Re: [PATCH 06/29] bcache: fix race in btree_flush_write()

Coly Li <colyli@xxxxxxx> · Thu, 27 Jun 2019 20:45:01 +0800

On 2019/6/27 7:47 下午, Coly Li wrote:
> On 2019/6/27 5:16 下午, Yaowei Bai wrote:
>> On Fri, Jun 14, 2019 at 09:13:35PM +0800, Coly Li wrote:
>>> There is a race between mca_reap(), btree_node_free() and journal code
>>> btree_flush_write(), which results very rare and strange deadlock or
>>> panic and are very hard to reproduce.
>>>
>>> Let me explain how the race happens. In btree_flush_write() one btree
>>> node with oldest journal pin is selected, then it is flushed to cache
>>> device, the select-and-flush is a two steps operation. Between these two
>>> steps, there are something may happen inside the race window,
>>> - The selected btree node was reaped by mca_reap() and allocated to
>>>   other requesters for other btree node.
>>> - The slected btree node was selected, flushed and released by mca
>>>   shrink callback bch_mca_scan().
>>> When btree_flush_write() tries to flush the selected btree node, firstly
>>> b->write_lock is held by mutex_lock(). If the race happens and the
>>> memory of selected btree node is allocated to other btree node, if that
>>> btree node's write_lock is held already, a deadlock very probably
>>> happens here. A worse case is the memory of the selected btree node is
>>> released, then all references to this btree node (e.g. b->write_lock)
>>> will trigger NULL pointer deference panic.
>>>
>>> This race was introduced in commit cafe56359144 ("bcache: A block layer
>>> cache"), and enlarged by commit c4dc2497d50d ("bcache: fix high CPU
>>> occupancy during journal"), which selected 128 btree nodes and flushed
>>> them one-by-one in a quite long time period.
>>>
>>> Such race is not easy to reproduce before.
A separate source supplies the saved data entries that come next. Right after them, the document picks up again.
(* For every positive integer $t$, $$ma_t(t)=\frac12+\frac{\lfloor (t-1)/2\rfloor}{2t}.$$
   Context: A voter matrix with $t$ topics is a matrix $V\in\{Y,N\}^{n\times t}$ for some positive integer $n$ (rows are voters), subject to the standing assumption that in every column the number of entries $Y$ is at least the number of entries $N$. $\mathcal{V}_t$ is the set of all voter matrices with $t$ topics and any number of voters. A proposal is a vector $p\in\{Y,N\}^t$. A voter $v$ supports $p$ if the Hamming distance between $v$ and $p$ is at most $t/2$; $p$ is supported by $V$ if at least $n/2$ rows of $V$ support $p$. $md_V$ is the maximum number of entries $Y$ of a proposal supported by $V$. $m_V$ denotes the fraction of entries $Y$ among all $nt$ entries of $V$ (the average majority). For an integer $w$ with $\lceil (t+1)/2\rceil\le w\le t$, $ma_t(w)$ is the supremum of $m_V$ over all $V\in\mathcal{V}_t$ with $md_V<w$, with the convention that $ma_t(w)=\frac12$ if no such $V$ exists. *)

From HB Require Import structures.
From mathcomp Require Import all_boot all_order all_algebra.
From mathcomp Require Import boolp classical_sets reals.
Set Implicit Arguments. Unset Strict Implicit. Unset Printing Implicit Defensive.
Import Order.TTheory GRing.Theory Num.Theory.
Local Open Scope classical_set_scope.

(* Entries: true = Y, false = N.  A voter matrix with t topics and n voters
   is V : 'M[bool]_(n,t) with n positive and, in every column, #Y >= #N,
   i.e. n <= 2 * #Y. *)
Definition voter_matrix (n t : nat) (V : 'M[bool]_(n, t)) : Prop :=
  (0 < n)%N /\ forall j : 'I_t, (n <= 2 * #|[set i : 'I_n | V i j]|)%N.

Definition proposal (t : nat) := {ffun 'I_t -> bool}.

Definition hamming (n t : nat) (V : 'M[bool]_(n, t)) (i : 'I_n) (p : proposal t) : nat :=
  #|[set j : 'I_t | V i j != p j]|.

Definition supports (n t : nat) (V : 'M[bool]_(n, t)) (i : 'I_n) (p : proposal t) : bool :=
  (2 * hamming V i p <= t)%N.

Definition supported (n t : nat) (V : 'M[bool]_(n, t)) (p : proposal t) : bool :=
  (n <= 2 * #|[set i : 'I_n | supports V i p]|)%N.

Definition numY (t : nat) (p : proposal t) : nat := #|[set j : 'I_t | p j]|.

Definition md (n t : nat) (V : 'M[bool]_(n, t)) : nat :=
  \max_(p : proposal t | supported V p) numY p.

Definition mV (R : realType) (n t : nat) (V : 'M[bool]_(n, t)) : R :=
  ((#|[set ij : 'I_n * 'I_t | V ij.1 ij.2]|)%:R / (n * t)%:R)%R.
Arguments mV R {n t} V.

Definition ma_set (R : realType) (t w : nat) : set R :=
  [set x | exists (n : nat) (V : 'M[bool]_(n, t)),
      voter_matrix V /\ (md V < w)%N /\ x = mV R V].
Arguments ma_set : clear implicits.

Definition ma (R : realType) (t w : nat) : R :=
  if `[< ma_set R t w !=set0 >] then sup (ma_set R t w) else (2^-1)%R.
Arguments ma : clear implicits.

From HB Require Import structures.
From mathcomp Require Import all_boot all_order all_algebra.
From mathcomp Require Import boolp classical_sets reals.
From mathcomp Require Import zify ring lra.
Import Order.TTheory GRing.Theory Num.Theory.
Set Implicit Arguments. Unset Strict Implicit.
Local Open Scope ring_scope.

(* A proposal with t Y's must be the all-Y proposal, so md_V < t says that
   fewer than half of the voters are within distance t/2 of it; every other
   voter has at most k = floor((t-1)/2) Y's, whence m_V < 1/2 + k/(2t).  If
   k = 0 no voter matrix qualifies at all, since the voters with a Y in the
   first column all support the all-Y proposal.  If k > 0 the bound is
   approached by 2m+1 voters, m of them voting Y everywhere and m+1 voting Y
   on cyclically shifted windows of k topics, with
   m_V = ((m+1)k + mt) / ((2m+1)t). *)

Lemma card_classicE (T : finType) (P : pred T) :
  #|[set x | P x]%classic| = #|[set x | P x]|.
Proof. by apply: eq_card => x; rewrite inE /in_mem /= /in_set asboolb. Qed.

Lemma geq_half_pred (r t : nat) : (0 < t)%N -> (r <= t.-1./2)%N = (2 * r < t)%N.
Proof. by move=> t0; rewrite geq_half_double -muln2; lia. Qed.

Definition allY (t : nat) : proposal t := [ffun=> true].

Lemma numY_allY (t : nat) : numY (allY t) = t.
Proof.
rewrite /numY card_classicE -[RHS]card_ord -cardsT.
by apply: eq_card => j; rewrite !inE ffunE.
Qed.

Lemma numY_le (t : nat) (p : proposal t) : (numY p <= t)%N.
Proof. by rewrite /numY card_classicE (leq_trans (max_card _)) ?card_ord. Qed.

Lemma numY_eq_allY (t : nat) (p : proposal t) : numY p = t -> p = allY t.
Proof.
move=> numYt; have allp : [set j | p j] = [set: 'I_t].
  apply/eqP; rewrite eqEcard finset.subsetT cardsT card_ord -[X in (X <= _)%N]numYt /numY.
  by rewrite /= card_classicE.
by apply/ffunP => j; have := finset.in_setT j; rewrite -allp inE ffunE.
Qed.

Lemma minority_weighted_lt (a b x y : nat) : (a < b)%N -> (y < x)%N ->
  (2 * (a * x + b * y) < (a + b) * (x + y))%N.
Proof.
move=> ab yx; have : (a * (x - y) < b * (x - y))%N by rewrite ltn_pmul2r ?subn_gt0.
rewrite !mulnBr => gap.
have := leq_mul (leqnn a) (ltnW yx); have := leq_mul (leqnn b) (ltnW yx).
rewrite !mulnDl !mulnDr; lia.
Qed.

Section VoterMatrix.
Variables (n t : nat) (V : 'M[bool]_(n, t)).

Definition rowY (i : 'I_n) : nat := #|[set j | V i j]|.

Definition total : nat := #|[set ij : 'I_n * 'I_t | V ij.1 ij.2]|.

Lemma rowY_le i : (rowY i <= t)%N.
Proof. by rewrite /rowY (leq_trans (max_card _)) ?card_ord. Qed.

Lemma hamming_allY i : hamming V i (allY t) = (t - rowY i)%N.
Proof.
rewrite /hamming /rowY card_classicE.
have := cardsC [set j | V i j]; rewrite card_ord.
have -> : ~: [set j | V i j] = [set j | V i j != allY t j].
  by apply/setP => j; rewrite !inE ffunE; case: (V i j).
lia.
Qed.

Lemma supports_allY i : supports V i (allY t) = (t <= 2 * rowY i)%N.
Proof. by rewrite /supports hamming_allY; have := rowY_le i; lia. Qed.

Lemma rowY_unsupported i : (0 < t)%N -> ~~ supports V i (allY t) ->
  (rowY i <= t.-1./2)%N.
Proof. by move=> t0; rewrite supports_allY geq_half_pred // ltnNge. Qed.

Lemma total_sum : total = (\sum_i rowY i)%N.
Proof.
rewrite /total -sum1_card (eq_bigl (fun ij : 'I_n * 'I_t => V ij.1 ij.2)).
  rewrite -(pair_big_dep xpredT (fun i j => V i j) (fun _ _ => 1%N)) /=.
  by apply: eq_bigr => i _; rewrite /rowY -sum1_card; apply: eq_bigl => j; rewrite inE.
by move=> ij; rewrite inE.
Qed.

Lemma md_lt_size : (0 < t)%N -> (md V < t)%N = ~~ supported V (allY t).
Proof.
move=> t0; apply/idP/idP => [md_lt|unsupp].
  apply: contraTN md_lt => supp; rewrite -leqNgt -{1}(numY_allY t).
  exact: leq_bigmax_cond.
suff : (md V <= t.-1)%N by lia.
apply/bigmax_leqP => p supp.
have := numY_le p; rewrite leq_eqVlt => /orP[/eqP/numY_eq_allY pY|]; last lia.
by move: supp; rewrite pY (negbTE unsupp).
Qed.

Let supporters := [set i | supports V i (allY t)].

Lemma supporters_minority : ~~ supported V (allY t) -> (2 * #|supporters| < n)%N.
Proof. by rewrite /supported card_classicE -ltnNge. Qed.

Lemma total_unsupported : (0 < t)%N -> ~~ supported V (allY t) ->
  (2 * total < n * (t + t.-1./2))%N.
Proof.
move=> t0 /supporters_minority minority.
have card_split := cardsC supporters; rewrite card_ord in card_split.
have supp_sum : (\sum_(i in supporters) rowY i <= #|supporters| * t)%N.
  by rewrite -sum_nat_const; apply: leq_sum => i _; exact: rowY_le.
have others_sum : (\sum_(i in ~: supporters) rowY i <= #|~: supporters| * t.-1./2)%N.
  rewrite -sum_nat_const; apply: leq_sum => i.
  by rewrite !inE => /(rowY_unsupported t0).
have total_le : (total <= #|supporters| * t + #|~: supporters| * t.-1./2)%N.
  rewrite total_sum (bigID (mem supporters)) /=.
  rewrite [X in (_ + X)%N](eq_bigl (fun i => i \in ~: supporters)).
    exact: leq_add.
  by move=> i; rewrite !inE.
rewrite -card_split; apply: leq_ltn_trans (minority_weighted_lt _ _).
- by rewrite leq_mul2l total_le orbT.
- lia.
- by rewrite ltn_half_double -muln2; lia.
Qed.

Lemma supported_allY_small : (0 < t)%N -> t.-1./2 = 0%N -> voter_matrix V ->
  supported V (allY t).
Proof.
move=> t0 k0 [_ /(_ (Ordinal t0))]; rewrite card_classicE => col0.
rewrite /supported card_classicE; apply: (leq_trans col0); rewrite leq_mul2l.
apply/orP; right; apply/subset_leq_card/fintype.subsetP => i.
rewrite !inE => Vi0; apply: contraT => /(rowY_unsupported t0).
rewrite k0 leqn0 cards_eq0 => /eqP/setP/(_ (Ordinal t0)).
by rewrite !inE Vi0.
Qed.

Lemma mV_lt_unsupported (R : realType) : (0 < t)%N -> voter_matrix V ->
  ~~ supported V (allY t) -> mV R V < 2^-1 + (t.-1./2)%:R / (2 * t)%:R.
Proof.
move=> t0 [n0 _] /(total_unsupported t0).
rewrite /mV card_classicE -/total.
move: total (t.-1./2) => tot k lt_tot.
have nt0 : 0 < (n * t)%:R :> R by rewrite ltr0n muln_gt0 n0.
have -> : 2^-1 + k%:R / (2 * t)%:R = (n * (t + k))%:R / 2 / (n * t)%:R :> R.
  have tn0 : t%:R != 0 :> R by rewrite pnatr_eq0 -lt0n.
  have nn0 : n%:R != 0 :> R by rewrite pnatr_eq0 -lt0n.
  by rewrite !natrM natrD; field; rewrite tn0 nn0.
rewrite ltr_pM2r ?invr_gt0 // ltr_pdivlMr ?ltr0n // -[2 : R]/(2%:R) -natrM ltr_nat.
lia.
Qed.

End VoterMatrix.

Lemma card_ord_lt (n k : nat) : (k <= n)%N -> #|[set i : 'I_n | (i < k)%N]| = k.
Proof.
move=> kn; rewrite -sum1_card (eq_bigl (fun i : 'I_n => (i < k)%N)) => [|i].
  by rewrite -(big_ord_widen _ (fun=> 1%N) kn) sum1_card card_ord.
by rewrite inE.
Qed.

Section CyclicVotes.
Variables (s m : nat).

Let half_le_size : (s./2 <= s.+1)%N.
Proof. by rewrite -divn2 (leq_trans (leq_div _ _)). Qed.

Definition cyclic_votes : 'M[bool]_((2 * m).+1, s.+1) :=
  \matrix_(i, j) if (i <= m)%N then (((j + inZp i)%R : 'I_s.+1) < s./2)%N else true.

Lemma rowY_cyclic i : rowY cyclic_votes i = if (i <= m)%N then s./2 else s.+1.
Proof.
rewrite /rowY; case: ifP => im.
  have -> : [set j | cyclic_votes i j] =
            (fun j => j + inZp i)%R @^-1: [set j : 'I_s.+1 | (j < s./2)%N].
    by apply/setP => j; rewrite !inE mxE im.
  rewrite card_preimset; last exact: addIr.
  exact: card_ord_lt.
rewrite -[RHS]card_ord -cardsT; apply: eq_card => j.
by rewrite !inE mxE im.
Qed.

Lemma card_lower_rows : #|[set i : 'I_(2 * m).+1 | (i <= m)%N]| = m.+1.
Proof. by apply: (@card_ord_lt _ m.+1); lia. Qed.

Lemma card_upper_rows : #|[set i : 'I_(2 * m).+1 | ~~ (i <= m)%N]| = m.
Proof.
have := cardsC [set i : 'I_(2 * m).+1 | (i <= m)%N].
rewrite card_lower_rows card_ord.
have -> : ~: [set i : 'I_(2 * m).+1 | (i <= m)%N] = [set i : 'I_(2 * m).+1 | ~~ (i <= m)%N].
  by apply/setP => i; rewrite !inE.
lia.
Qed.

Lemma total_cyclic : total cyclic_votes = (m.+1 * s./2 + m * s.+1)%N.
Proof.
rewrite total_sum (bigID (fun i : 'I_(2 * m).+1 => (i <= m)%N)) /=.
under eq_bigr => i im do rewrite rowY_cyclic im.
under [X in (_ + X)%N]eq_bigr => i im do rewrite rowY_cyclic (negbTE im).
by rewrite !sum_nat_cond_const card_lower_rows card_upper_rows.
Qed.

Lemma cyclic_unsupported : ~~ supported cyclic_votes (allY s.+1).
Proof.
rewrite /supported card_classicE -ltnNge.
have upper : [set i | supports cyclic_votes i (allY s.+1)] \subset
             [set i : 'I_(2 * m).+1 | ~~ (i <= m)%N].
  apply/fintype.subsetP => i; rewrite !inE supports_allY rowY_cyclic.
  by apply: contraTN => ->; rewrite -ltnNge -geq_half_pred.
by rewrite (leq_ltn_trans (leq_mul (leqnn 2) (subset_leq_card upper))) ?card_upper_rows.
Qed.

Lemma cyclic_voter_matrix : (0 < s./2)%N -> (s <= m)%N -> voter_matrix cyclic_votes.
Proof.
move=> k_gt0 sm; split => // j; rewrite card_classicE.
have i0_lt : (nat_of_ord (- j)%R < (2 * m).+1)%N by have := ltn_ord (- j)%R; lia.
pose i0 : 'I_(2 * m).+1 := Ordinal i0_lt.
have i0_low : (i0 <= m)%N by have := ltn_ord (- j)%R; rewrite /=; lia.
have sub : i0 |: [set i : 'I_(2 * m).+1 | ~~ (i <= m)%N] \subset [set i | cyclic_votes i j].
  apply/fintype.subsetP => i; rewrite !inE mxE => /orP [/eqP -> | /negbTE -> //].
  by rewrite i0_low (valZpK (- j)%R : inZp i0 = (- j)%R) subrr.
have := subset_leq_card sub; rewrite cardsU1 card_upper_rows inE negbK i0_low.
lia.
Qed.

Lemma mV_cyclic_ge (R : realType) :
  2^-1 + (s./2)%:R / (2 * s.+1)%:R - (m.+1%:R)^-1 <= mV R cyclic_votes.
Proof.
rewrite lerBlDr -lerBlDl /mV card_classicE -/(total cyclic_votes) total_cyclic.
move: s./2 s.+1 (ltn0Sn s) half_le_size => k t t0 kt.
have tn0 : t%:R != 0 :> R by rewrite pnatr_eq0 -lt0n.
have n0 : (2 * m).+1%:R != 0 :> R by rewrite pnatr_eq0.
have m0 : m.+1%:R != 0 :> R by rewrite pnatr_eq0.
have -> : 2^-1 + k%:R / (2 * t)%:R - (m.+1 * k + m * t)%:R / ((2 * m).+1 * t)%:R
   = (t%:R - k%:R) / (2 * (2 * m).+1%:R * t%:R) :> R.
  rewrite !natrM !natrD !natrM /=.
  rewrite -(natr1 (2 * m)) -(natr1 m) natrM in n0 m0 *.
  by field; rewrite tn0 n0.
have denom_gt0 : 0 < 2 * (2 * m).+1%:R * t%:R :> R by rewrite !mulr_gt0 ?ltr0n.
rewrite ler_pdivrMr // [leRHS]mulrC ler_pdivlMr ?ltr0n //.
have : k%:R <= t%:R :> R by rewrite ler_nat.
have : 0 <= k%:R :> R by rewrite ler0n.
have : 0 <= m%:R :> R by rewrite ler0n.
rewrite -(natr1 (2 * m)) -(natr1 m) natrM.
nra.
Qed.

End CyclicVotes.

Lemma sup_eq_of_approx (R : realType) (E : set R) (b : R) (N : nat) :
  (forall x, E x -> x <= b) ->
  (forall m, (N <= m)%N -> exists2 x, E x & b - (m.+1%:R)^-1 <= x) ->
  sup E = b.
Proof.
move=> le_b approx.
have [x0 Ex0 _] := approx N (leqnn N).
apply/eqP; rewrite eq_le ge_sup //=; last by exists x0.
rewrite leNgt; apply/negP => /ltr_add_invr [k lt_b].
have [x Ex le_x] := approx (maxn N k) (leq_maxl _ _).
have x_le : x <= sup E by exact: ub_le_sup (ex_intro _ b le_b) _ Ex.
have inv_le : ((maxn N k).+1%:R)^-1 <= (k.+1%:R)^-1 :> R.
  by rewrite lef_pV2 ?posrE ?ltr0n // ler_nat ltnS leq_maxr.
move: le_x; rewrite lerBlDr => /le_trans/(_ (lerD x_le inv_le)) b_le.
by have := le_lt_trans b_le lt_b; rewrite ltxx.
Qed.

Theorem lemma5p8 (R : realType) (t : nat) : (0 < t)%N ->
  ma R t t = 2^-1 + ((t.-1)./2)%:R / (2 * t)%:R.
Proof.
case: t => // s _; rewrite /ma /=.
have below x : ma_set R s.+1 s.+1 x -> x <= 2^-1 + (s./2)%:R / (2 * s.+1)%:R.
  move=> [n [V [vm [md_lt ->]]]]; apply/ltW/mV_lt_unsupported => //.
  by rewrite -md_lt_size.
have [k0 | k_gt0] := posnP s./2.
  have -> : `[< (ma_set R s.+1 s.+1 !=set0)%classic >] = false.
    apply/asboolPn => -[x [n [V [vm [md_lt _]]]]].
    by move: md_lt; rewrite md_lt_size // (@supported_allY_small _ s.+1 _ isT k0 vm).
  by rewrite k0 mul0r addr0.
have cyclic_in m : (s <= m)%N -> ma_set R s.+1 s.+1 (mV R (cyclic_votes s m)).
  move=> sm; exists (2 * m).+1, (cyclic_votes s m).
  by rewrite md_lt_size // cyclic_unsupported; split => //; exact: cyclic_voter_matrix.
rewrite asboolT; last by exists (mV R (cyclic_votes s s)); exact: cyclic_in.
apply: (sup_eq_of_approx (N := s)) => // m sm.
by exists (mV R (cyclic_votes s m)); [exact: cyclic_in | exact: mV_cyclic_ge].
Qed.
On a Lenovo SR650 server with
>>> 48 Xeon cores, and configure 1 NVMe SSD as cache device, a MD raid0
>>> device assembled by 3 NVMe SSDs as backing device, this race can be
>>> observed around every 10,000 times btree_flush_write() gets called. Both
>>> deadlock and kernel panic all happened as aftermath of the race.
>>>
>>> The idea of the fix is to add a btree flag BTREE_NODE_journal_flush. It
>>> is set when selecting btree nodes, and cleared after btree nodes
>>> flushed. Then when mca_reap() selects a btree node with this bit set,
>>> this btree node will be skipped. Since mca_reap() only reaps btree node
>>> without BTREE_NODE_journal_flush flag, such race is avoided.
>>>
>>> Once corner case should be noticed, that is btree_node_free(). It might
>>> be called in some error handling code path. For example the following
>>> code piece from btree_split(),
>>> 	2149 err_free2:
>>> 	2150         bkey_put(b->c, &n2->key);
>>> 	2151         btree_node_free(n2);
>>> 	2152         rw_unlock(true, n2);
>>> 	2153 err_free1:
>>> 	2154         bkey_put(b->c, &n1->key);
>>> 	2155         btree_node_free(n1);
>>> 	2156         rw_unlock(true, n1);
>>> At line 2151 and 2155, the btree node n2 and n1 are released without
>>> mac_reap(), so BTREE_NODE_journal_flush also needs to be checked here.
>>> If btree_node_free() is called directly in such error handling path,
>>> and the selected btree node has BTREE_NODE_journal_flush bit set, just
>>> wait for 1 jiffy and retry again. In this case this btree node won't
>>> be skipped, just retry until the BTREE_NODE_journal_flush bit cleared,
>>> and free the btree node memory.
>>>
>>> Wait for 1 jiffy inside btree_node_free() does not hurt too much
>>> performance here, the reasons are,
>>> - Error handling code path is not frequently executed, and the race
>>>   inside this cold path should be very rare. If the very rare race
>>>   happens in the cold code path, waiting 1 jiffy should be acceptible.
>>> - If bree_node_free() is called inside mca_reap(), it means the bit
>>>   BTREE_NODE_journal_flush is checked already, no wait will happen here.
>>>
>>> Beside the above fix, the way to select flushing btree nodes is also
>>> changed in this patch. Let me explain what changes in this patch.
>>
>> Then this change should be split into another patch. :)
> 
> Hi Bai,
> 
> Sure it makes sense. I also realize splitting it into two patches may be
> helpful for long term kernel maintainers to backport patches without
> breaking KABI.
> 
> I will send a two patches version in the for-5.3 submit.

I just realize KABI broken is unavoidable, but splitting this patch into
two still makes sense, the performance optimization should not go into
the race fix.

Thanks.

-- 

Coly Li